问题描述

我是R的新手，并且有一个图形对象，它是通过数据框对象"allTog"创建的，如下所示:

I am new to R and I have a graph object which I have created from a data frame object "allTog" as shown below:

library(igraph)
df.g <- graph.data.frame(d = allTog, directed = TRUE)
plot(df.g, vertex.label = V(df.g)$name)

allTog数据帧由

The allTog data frame is given by

allTog <- data.frame(
    source = c("chamber", "chamber", "chamber", "chamber", "chamber",
    "check", "check", "issue", "issue", "issue"),
    target = c("check", "issue", "leak", "process", "found", "power",
    "customer", "customer", "wafer", "replaced")
    )

此处的"row.names"和"values"列无关紧要.

The columns "row.names" and "values" is of no interest here.
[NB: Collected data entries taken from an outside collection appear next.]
Lemma K_majorant_max g rho : class_K g -> class_K rho ->
  exists gam, class_K gam /\ forall v, 0 <= v -> g (Rmax (rho v) v) <= gam v.
Proof.
  intros Hg Hrho.
  destruct (K_majorant (fun v p => p = g (Rmax (rho v) v))) as [gam [Hgam Hmaj]].
  - intros eps He. destruct (K_small g Hg eps He) as [d1 [Hd1 Hd1']].
    destruct (K_small rho Hrho d1 Hd1) as [d2 [Hd2 Hd2']].
    exists (Rmin d1 d2). split; [apply Rmin_pos; lra |].
    intros r p Hr ->. pose proof (Rmin_l d1 d2). pose proof (Rmin_r d1 d2).
    pose proof (Hd2' r ltac:(lra)). pose proof (K_nonneg rho r Hrho (proj1 Hr)).
    apply Hd1'. unfold Rmax; destruct Rle_dec; lra.
  - intros R0. set (R1 := Rmax 0 R0). exists (g (Rmax (rho R1) R1)).
    intros r p Hr ->. pose proof (Rmax_l 0 R0). pose proof (Rmax_r 0 R0).
    pose proof (K_le rho r R1 Hrho (proj1 Hr) ltac:(unfold R1; lra)).
    pose proof (K_nonneg rho r Hrho (proj1 Hr)).
    apply K_le; [exact Hg | unfold Rmax; destruct Rle_dec; lra |].
    unfold Rmax at 1 2; repeat destruct Rle_dec; unfold R1 in *; lra.
  - exists gam. split; [exact Hgam |]. intros v Hv. apply Hmaj; auto.
Qed.

Section ISS_characterization.

Variables (X U : Banach) (phi : R -> X -> (R -> U) -> X) (alpha sigma psi : R -> R).
Hypothesis phi_system : control_system phi.
Hypothesis alpha_Kinf : class_Kinf alpha.
Hypothesis sigma_K : class_K sigma.
Hypothesis psi_K : class_K psi.
Hypothesis phi_reach : bounded_reaching_time phi alpha sigma psi.

Lemma uniform_K_bound : uniformly_locally_stable phi -> uniformly_globally_bounded phi ->
  exists gB, class_K gB /\ forall x u t r, Linf u -> vnorm x <= r -> linf_norm u <= r ->
    0 <= t -> vnorm (phi t x u) <= gB r.
Proof.
  intros HULS HUGB.
  destruct (K_majorant (fun r p => exists x u t, Linf u /\ vnorm x <= r /\
                          linf_norm u <= r /\ 0 <= t /\ p = vnorm (phi t x u)))
    as [gB [HgB Hmaj]].
  - intros eps He. destruct (HULS eps He) as [eta [Heta Heta']]. exists eta. split; auto.
    intros r p Hr [x [u [t [Hu [Hx [Hv [Ht ->]]]]]]]. apply Heta'; auto; lra.
  - intros R0. destruct (HUGB (Rmax 0 R0) (Rmax_l _ _)) as [M HM]. exists M.
    intros r p Hr [x [u [t [Hu [Hx [Hv [Ht ->]]]]]]]. pose proof (Rmax_r 0 R0).
    apply HM; auto; lra.
  - exists gB. split; auto. intros x u t r Hu Hx Hv Ht.
    apply Hmaj; [pose proof (vnorm_nonneg _ x); lra |]. exists x, u, t. auto 6.
Qed.

Variables gB rho gam : R -> R.
Hypothesis gB_K : class_K gB.
Hypothesis gB_bound : forall x u t r, Linf u -> vnorm x <= r -> linf_norm u <= r ->
  0 <= t -> vnorm (phi t x u) <= gB r.
Hypothesis rho_K : class_K rho.
Hypothesis rho_gain : forall v, 0 <= v -> 2 * sigma v <= alpha (rho v).
Hypothesis gam_K : class_K gam.
Hypothesis gam_bound : forall v, 0 <= v -> gB (Rmax (rho v) v) <= gam v.

Definition overshoot (r t p : R) : Prop :=
  exists x u, Linf u /\ vnorm x <= r /\ p = vnorm (phi t x u) - gam (linf_norm u).

Lemma bound_after_entry x u s t r : Linf u -> 0 <= s <= t ->
  vnorm (phi s x u) <= r -> linf_norm u <= r -> vnorm (phi t x u) <= gB r.
Proof.
  intros Hu Hst Hs Hv. rewrite (phi_split phi x u s t phi_system Hu Hst).
  pose proof (linf_norm_shift_le u s ltac:(lra) Hu).
  apply gB_bound; [apply Linf_shift; auto; lra | lra | lra | lra].
Qed.

Lemma small_state_bound x u t : Linf u -> 0 <= t -> vnorm x <= linf_norm u ->
  vnorm (phi t x u) <= gam (linf_norm u).
Proof.
  intros Hu Ht Hx. pose proof (linf_norm_nonneg u Hu).
  pose proof (Rmax_r (rho (linf_norm u)) (linf_norm u)).
  eapply Rle_trans; [apply (gB_bound x u t (Rmax (rho (linf_norm u)) (linf_norm u))); auto; lra |].
  apply gam_bound; auto.
Qed.

Lemma overshoot_le_gB r t p : 0 <= t -> overshoot r t p -> p <= gB (Rmax 0 r).
Proof.
  intros Ht [x [u [Hu [Hx ->]]]].
  pose proof (linf_norm_nonneg u Hu) as Hv. pose proof (K_nonneg gam _ gam_K Hv).
  pose proof (Rmax_l 0 r) as Hr0. pose proof (Rmax_r 0 r).
  destruct (Rle_or_lt (vnorm x) (linf_norm u)) as [h | h].
  - pose proof (small_state_bound x u t Hu Ht h). pose proof (K_nonneg gB _ gB_K Hr0). lra.
  - assert (vnorm (phi t x u) <= gB (Rmax 0 r)) by (apply gB_bound; auto; lra). lra.
Qed.
Lemma kTheta_lin a X Y : kTheta X -> kTheta Y -> kTheta (a *: X + Y).
Proof. by move=> [kX pX] [kY pY]; split; [apply: kk_lin | apply: pTheta_lin]. Qed.

Lemma kTheta_add X Y : kTheta X -> kTheta Y -> kTheta (X + Y).
Proof. exact: (subspace_add kTheta_lin). Qed.

Lemma kTheta_scale a X : kTheta X -> kTheta (a *: X).
Proof. exact: (subspace_scale kTheta0 kTheta_lin). Qed.

Lemma tr_Om : Om^T = - Om.
Proof. by rewrite /Om tr_blk opp_blk !trmx0 raddfN /= !trmx1 opprK oppr0. Qed.

Lemma tr_Hdiag h : (Hdiag h)^T = Hdiag h.
Proof. by rewrite /Hdiag tr_blk !trmx0 raddfN /= tr_diag_mx. Qed.

Definition inM (k : mat) : Prop :=
  [/\ k^T *m k = 1%:M, k *m Om = Om *m k & forall h, k *m Hdiag h = Hdiag h *m k].

Section CentralizerOfA.
Variable k : mat.
Hypothesis Mk : inM k.

Lemma tr_commute (A : mat) : A^T = A \/ A^T = - A -> k *m A = A *m k -> k^T *m A = A *m k^T.
Proof.
move=> trA kA; have := congr1 trmx kA; rewrite !trmx_mul.
by case: trA => ->; rewrite ?mulmxN ?mulNmx; [move-> | move/oppr_inj->].
Qed.

Lemma inM_tr : inM k^T.
Proof.
have [orth kOm kH] := Mk; split; first by rewrite trmxK; apply: mulmx1C.
  by apply: tr_commute => //; right; apply: tr_Om.
by move=> h; apply: tr_commute => //; left; apply: tr_Hdiag.
Qed.

Lemma Ad_sp4 X : sp4 X -> sp4 (Ad k X).
Proof.
have [_ kOm _] := Mk; have [_ ktOm _] := inM_tr.
rewrite /sp4 /Ad trmx_mul trmxK trmx_mul => spX.
have -> : k *m (X^T *m k^T) *m Om + Om *m (k *m X *m k^T) = k *m (X^T *m Om + Om *m X) *m k^T.
  by rewrite mulmxDr mulmxDl; congr (_ + _); [rewrite -!mulmxA ktOm | rewrite !mulmxA kOm].
by rewrite spX mulmx0 mul0mx.
Qed.

Lemma Ad_root_space c X : root_space c X -> root_space c (Ad k X).
Proof.
move=> [spX adX]; split=> [|h]; first exact: Ad_sp4.
have [_ _ kH] := Mk; have [_ _ ktH] := inM_tr.
have -> : Hdiag h *m Ad k X - Ad k X *m Hdiag h = Ad k (Hdiag h *m X - X *m Hdiag h).
  by rewrite /Ad mulmxBr mulmxBl !mulmxA -kH -!mulmxA ktH.
by rewrite adX /Ad -scalemxAr -scalemxAl.
Qed.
如何从每个根节点(在本例中为"chamber")遍历到每个叶节点并获取路径，即所有节点(顶点)名称?我正在寻找一个通用的解决方案，因为我的根节点可以随代码的每次运行而变化.例如，在下一次运行中，根节点可以是"issue".

How can I traverse from each root node, in this case "chamber", to every leaf node and get the path i.e all the node (vertex) names? I'm looking for a generic solution because my root node can change with every run of the code. For example in the next run, the root node can be "issue".

我想要的输出是:

chamber->check->power
chamber->issue->replaced
chamber->process
chamber->issue->customer

以此类推....

推荐答案

如何

root <- "chamber"
leafnodes <- sapply(V(df.g), function(x) length(neighbors(df.g,x))==0 )
paths <- get.all.shortest.paths(df.g, V(df.g)[root], leafnodes)$res
sapply(paths, function(vs) paste(V(df.g)[vs]$name, collapse="->"))

这列出了您可以访问的所有叶节点

This lists all the leaf nodes you can get to

# [1] "chamber->leak"            "chamber->process"         "chamber->found"
# [4] "chamber->check->power"    "chamber->issue->customer" "chamber->check->customer"
# [7] "chamber->issue->wafer"    "chamber->issue->replaced"

这篇关于R:如何从根节点遍历到iGraph数据对象中的每个叶节点并获取路径?的文章就介绍到这了，希望我们推荐的答案对大家有所帮助，也希望大家多多支持！